#### EXERCISE:
Everything from the line containing "From mathcomp Require Import all_boot" through the line containing "move=> i _; have := ltn_ord i => lt_i_n." in the listing below should be copied exactly, and nothing more.

==============================

Definition mbinom (nu m : mi) : nat :=
  (\prod_(j < maxn (size (sval nu)) (size (sval m))) 'C(coord nu j, coord m j))%N.

Local Open Scope ring_scope.

Definition mpow {R : comRingType} (rho : nat -> R) (nu : mi) : R :=
  \prod_(j < size (sval nu)) rho j ^+ coord nu j.

From mathcomp Require Import all_boot all_order all_algebra.
From mathcomp Require Import zify ring.
Set Implicit Arguments. Unset Strict Implicit. Unset Printing Implicit Defensive.
Import Order.TTheory GRing.Theory Num.Theory.

(* The candidate  B(nu, lam) = c^lam rho^nu H(lam, |nu|)  satisfies the recursion with
   equality.  Indeed rho^(nu - m + e_j) rho^m = rho^nu rho_j does not depend on m, so by the
   multivariate Vandermonde identity the sum over m <= nu only depends on |m| and becomes
   sum_i C(n, i) (n - i + 2)! H(lam - 1, i), which equals H(lam, n + 1) by a negative
   Vandermonde convolution.  B also has the prescribed values at lam = 0 and vanishes for
   lam > |nu|, so induction on lam gives A = B under equalities and A <= B under inequalities,
   the coefficients of the recursion being nonnegative. *)

Lemma negative_Vandermonde (m n p : nat) :
  \sum_(i < n.+1) 'C(n - i + p, p) * 'C(i + m - 1, i) = 'C(n + m + p, n).
Proof.
elim: n p => [|n IHn] p; first by rewrite big_ord1 /= !bin0 subnn add0n binn.
elim: p => [|p IHp].
  have sum_p0 k : \sum_(i < k.+1) 'C(k - i + 0, 0) * 'C(i + m - 1, i)
                  = \sum_(i < k.+1) 'C(i + m - 1, i).
    by apply: eq_bigr => i _; rewrite bin0 mul1n.
  rewrite sum_p0 big_ord_recr /= -sum_p0 IHn !addn0.
  have -> : (n.+1 + m - 1 = n + m) by lia.
  by rewrite addSn binS addnC.
rewrite big_ord_recr /= subnn add0n binn mul1n.
rewrite (eq_bigr (fun i : 'I_n.+1 => 'C(n - i + p.+1, p.+1) * 'C(i + m - 1, i)
      + 'C(n - i + p.+1, p) * 'C(i + m - 1, i))); last first.
  move=> i _; have := ltn_ord i => lt_i_n.
  have -> : (n.+1 - i + p.+1 = (n - i + p.+1).+1) by lia.
  by rewrite binS mulnDl.
rewrite big_split /= IHn -addnA.
move: IHp; rewrite big_ord_recr /= subnn add0n binn mul1n.
rewrite (eq_bigr (fun i : 'I_n.+1 => 'C(n - i + p.+1, p) * 'C(i + m - 1, i))); last first.
  by move=> i _; have := ltn_ord i => lt_i_n; have -> : (n.+1 - i + p = n - i + p.+1) by lia.
move=> ->.
have -> : (n.+1 + m + p.+1 = (n + m + p.+1).+1) by lia.
rewrite binS addnC; congr (_ + _); congr 'C(_, _); lia.
Qed.
Lemma bdry_rowsE K r :
  simplicial_complex K -> bdry_rows K r = bdry K r *m faces_embedding K r.
Proof.
move=> Kcx; apply/matrixP => i k; rewrite !mxE.
under eq_bigr => j _ do rewrite !mxE.
have [kK|nkK] := boolP (enum_val k \in faces_card K r).
  rewrite (bigD1 (enum_rank_in kK (enum_val k))) //= enum_rankK_in // eqxx mulr1.
  rewrite big1 ?addr0 // => j jk.
  case: eqP => [ejk|]; last by rewrite mulr0.
  by move: jk; rewrite (_ : j = enum_rank_in kK (enum_val k)) ?eqxx //;
    apply: enum_val_inj; rewrite enum_rankK_in.
rewrite big1; last first.
  move=> j _; case: eqP => [ejk|]; last by rewrite mulr0.
  by move: nkK; rewrite -ejk enum_valP.
apply/eqP; apply: contraNT nkK; apply: bcoef_face_card Kcx _; exact: enum_valP.
Qed.

Lemma rank_bdry_rows K r :
  simplicial_complex K -> \rank (bdry_rows K r) = \rank (bdry K r).
Proof. by move=> Kcx; rewrite bdry_rowsE // mxrankMfree // faces_embedding_free. Qed.

Lemma rank_bdry_rows_add K L r s :
  faces_card L r.+1 = s |: faces_card K r.+1 ->
  ~~ (bdry_vec s <= bdry_rows K r)%MS ->
  \rank (bdry_rows L r) = (\rank (bdry_rows K r)).+1.
Proof.
move=> eL ns.
have -> : \rank (bdry_rows L r) = \rank (bdry_rows K r + bdry_vec s)%MS.
  apply/eqP; rewrite eqn_leq !mxrankS //.
    rewrite addsmx_sub bdry_vec_sub ?eL ?setU11 // andbT.
    by apply/row_subP => i; rewrite row_bdry_rows bdry_vec_sub // eL setU1r ?enum_valP.
  apply/row_subP => i; rewrite row_bdry_rows.
  have : enum_val i \in s |: faces_card K r.+1 by rewrite -eL enum_valP.
  case/setU1P => [->|rhoK]; first exact: addsmxSr.
  exact: submx_trans (bdry_vec_sub rhoK) (addsmxSl _ _).
apply/eqP; rewrite eqn_leq; apply/andP; split.
  apply: leq_trans (mxrank_adds_leqif _ _).1 _.
  by apply: leq_trans (leq_add (leqnn _) (rank_leq_row (bdry_vec s))) _; rewrite addn1.
rewrite (ltn_leqif (mxrank_leqif_sup (addsmxSl _ _))).
by apply: contra ns => h; exact: submx_trans (addsmxSr _ _) h.
Qed.

Lemma rank_bdry_eq0 K r :
  faces_card K r.+2 = set0 -> \rank (bdry K r.+1) = 0%N.
Proof. by move=> eK; apply/eqP; rewrite -leqn0 -(cards0 {set 'I_n}) -eK rank_leq_row. Qed.

Lemma betti_add_face K L r s phi :
  simplicial_complex K -> simplicial_complex L ->
  faces_card L r.+1 = s |: faces_card K r.+1 -> s \notin faces_card K r.+1 ->
  faces_card K r.+2 = set0 -> faces_card L r.+2 = set0 ->
  cocycle K r phi -> \sum_X bcoef s X * phi X != 0 ->
  betti L r = betti K r.
Proof.
move=> Kcx Lcx eL nsK eK eL2 Kphi sphi.
have ns : ~~ (bdry_vec s <= bdry_rows K r)%MS.
  by apply: contra sphi => /(cocycle_bdry_span Kphi) ->.
rewrite /betti (rank_bdry_eq0 eK) (rank_bdry_eq0 eL2) !subn0 -!rank_bdry_rows //.
by rewrite (rank_bdry_rows_add eL ns) eL cardsU1 nsK add1n subSS.
Qed.
End BoundaryRank.

Section Purity.
Variable n : nat.
Implicit Types (K : {set {set 'I_n}}) (F G s : {set 'I_n}).

Lemma face_in_facet K F : F \in K -> exists2 G, G \in facets K & F \subset G.
Proof.
move=> FK; set P := [pred G | (G \in K) && (F \subset G)].
have PF : P F by rewrite /P /= FK subxx.
case: (arg_maxnP (fun G => #|G|) PF) => G /andP [GK sFG] Gmax.
exists G => //; rewrite inE GK; apply/forall_inP => H HK; apply/implyP => sGH.
by rewrite eq_sym eqEcard sGH; apply: Gmax; rewrite /P /= HK (subset_trans sFG sGH).
Qed.

Lemma facets_pure K r : pure_of_dim K r -> facets K = faces_card K r.+1.
Proof.
move=> [[_ Kdim] Kpure]; apply/setP => F; rewrite [RHS]inE.
apply/idP/andP => [Ffacet|[FK /eqP cF]].
  by split; [move: Ffacet; rewrite inE => /andP [] | rewrite Kpure].
rewrite inE FK; apply/forall_inP => G GK; apply/implyP => sFG.
by rewrite eq_sym eqEcard sFG cF Kdim.
Qed.

Lemma pure_face_top K r F : pure_of_dim K r -> F \in K ->
  exists2 G, G \in K & F \subset G /\ #|G| = r.+1.
Proof.
move=> [_ Kpure] /face_in_facet [G Gfacet sFG]; exists G; last by rewrite Kpure.
by move: Gfacet; rewrite inE => /andP [].
Qed.

Lemma pure_of_dim_top K r : has_dim K r ->
  (forall F, F \in K -> exists2 G, G \in K & F \subset G /\ #|G| = r.+1) ->
  pure_of_dim K r.
Proof.
move=> Kdim Ktop; split => // F; rewrite inE => /andP [FK /forall_inP Fmax].
by have [G GK [sFG <-]] := Ktop F FK; have /implyP/(_ sFG)/eqP -> := Fmax G GK.
Qed.

Lemma faces_card_over_dim K r :
  (forall F, F \in K -> #|F| <= r.+1) -> faces_card K r.+2 = set0.
Proof.
move=> Kdim; apply/setP => F; rewrite !inE.
by apply/negbTE; apply/andP => -[/Kdim + /eqP cF]; rewrite cF ltnn.
Qed.

Lemma faces_card_add_simplex K r s :
  #|s| = r.+1 ->
  faces_card (K :|: powerset s) r.+1 = s |: faces_card K r.+1.
Proof.
move=> cs; apply/setP => F; rewrite !inE.
case: (eqVneq F s) => [->|nFs] /=; first by rewrite subxx cs eqxx orbT andbT.
case: (F \in K) => //=; apply/negbTE/andP => -[sFs /eqP cF].
by move: nFs; rewrite eqEcard sFs cF cs leqnn.
Qed.
End Purity.

Section AddSimplex.
Variable n : nat.
Implicit Types (K : {set {set 'I_n}}) (F G X s : {set 'I_n}).
Local Open Scope ring_scope.
(* Let $X=(X_1,X_2)$ be a nonnegative bivariate random vector with absolutely continuous distribution function $F$ supported in $(0,b_1)\times(0,b_2)$, $0<b_i<\infty$, with finite $\overline\varepsilon^*_i(X;t_1,t_2)$. Then there exist functions $c_1(\cdot),c_2(\cdot)$ with values in $(0,1)$ such that $$\overline\varepsilon^*_i(X;t_1,t_2)=c_i(t_j)\,m_i^X(t_1,t_2),\qquad i,j\in\{1,2\},\ i\ne j,$$ for all $(t_1,t_2)\in(0,b_1)\times(0,b_2)$ (so $c_i$ depends on $t_j$ only, not on $t_i$), if and only if $F$ is the bivariate power distribution $$F(t_1,t_2)=\left(\frac{t_1}{b_1}\right)^{c_1}\left(\frac{t_2}{b_2}\right)^{c_2+\theta\log(t_1/b_1)},\qquad 0<t_i<b_i,$$ for some $\theta\le0$ and constants $c_1,c_2>0$; in this case $c_i=\dfrac{c_i(b_j)}{1-c_i(b_j)}$.
   Context: Let $F(x_1,x_2)=P(X_1\le x_1,X_2\le x_2)$. For $t_1,t_2>0$ with $F(t_1,t_2)>0$ define the conditional dynamic cumulative past entropies (CDCPE) $$\overline\varepsilon^*_1(X;t_1,t_2)=-\int_0^{t_1}\frac{F(x_1,t_2)}{F(t_1,t_2)}\log\frac{F(x_1,t_2)}{F(t_1,t_2)}dx_1,\qquad \overline\varepsilon^*_2(X;t_1,t_2)=-\int_0^{t_2}\frac{F(t_1,x_2)}{F(t_1,t_2)}\log\frac{F(t_1,x_2)}{F(t_1,t_2)}dx_2,$$ and the components of the bivariate expected inactivity time $m_1^X(t_1,t_2)=\frac{1}{F(t_1,t_2)}\int_0^{t_1}F(x_1,t_2)dx_1$, $m_2^X(t_1,t_2)=\frac{1}{F(t_1,t_2)}\int_0^{t_2}F(t_1,x_2)dx_2$. The values $c_i(b_j)$ are understood as the limits of $c_i(t_j)$ as $t_j\to b_j$. *)

From Stdlib Require Import Reals Lra List ClassicalEpsilon.
Open Scope R_scope.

==============================

#### SOLUTION BELOW:
From mathcomp Require Import all_boot all_order all_algebra.
From mathcomp Require Import zify ring.
Set Implicit Arguments. Unset Strict Implicit. Unset Printing Implicit Defensive.
Import Order.TTheory GRing.Theory Num.Theory.

(* The candidate  B(nu, lam) = c^lam rho^nu H(lam, |nu|)  satisfies the recursion with
   equality.  Indeed rho^(nu - m + e_j) rho^m = rho^nu rho_j does not depend on m, so by the
   multivariate Vandermonde identity the sum over m <= nu only depends on |m| and becomes
   sum_i C(n, i) (n - i + 2)! H(lam - 1, i), which equals H(lam, n + 1) by a negative
   Vandermonde convolution.  B also has the prescribed values at lam = 0 and vanishes for
   lam > |nu|, so induction on lam gives A = B under equalities and A <= B under inequalities,
   the coefficients of the recursion being nonnegative. *)

Lemma negative_Vandermonde (m n p : nat) :
  \sum_(i < n.+1) 'C(n - i + p, p) * 'C(i + m - 1, i) = 'C(n + m + p, n).
Proof.
elim: n p => [|n IHn] p; first by rewrite big_ord1 /= !bin0 subnn add0n binn.
elim: p => [|p IHp].
  have sum_p0 k : \sum_(i < k.+1) 'C(k - i + 0, 0) * 'C(i + m - 1, i)
                  = \sum_(i < k.+1) 'C(i + m - 1, i).
    by apply: eq_bigr => i _; rewrite bin0 mul1n.
  rewrite sum_p0 big_ord_recr /= -sum_p0 IHn !addn0.
  have -> : (n.+1 + m - 1 = n + m) by lia.
  by rewrite addSn binS addnC.
rewrite big_ord_recr /= subnn add0n binn mul1n.
rewrite (eq_bigr (fun i : 'I_n.+1 => 'C(n - i + p.+1, p.+1) * 'C(i + m - 1, i)
      + 'C(n - i + p.+1, p) * 'C(i + m - 1, i))); last first.
  move=> i _; have := ltn_ord i => lt_i_n.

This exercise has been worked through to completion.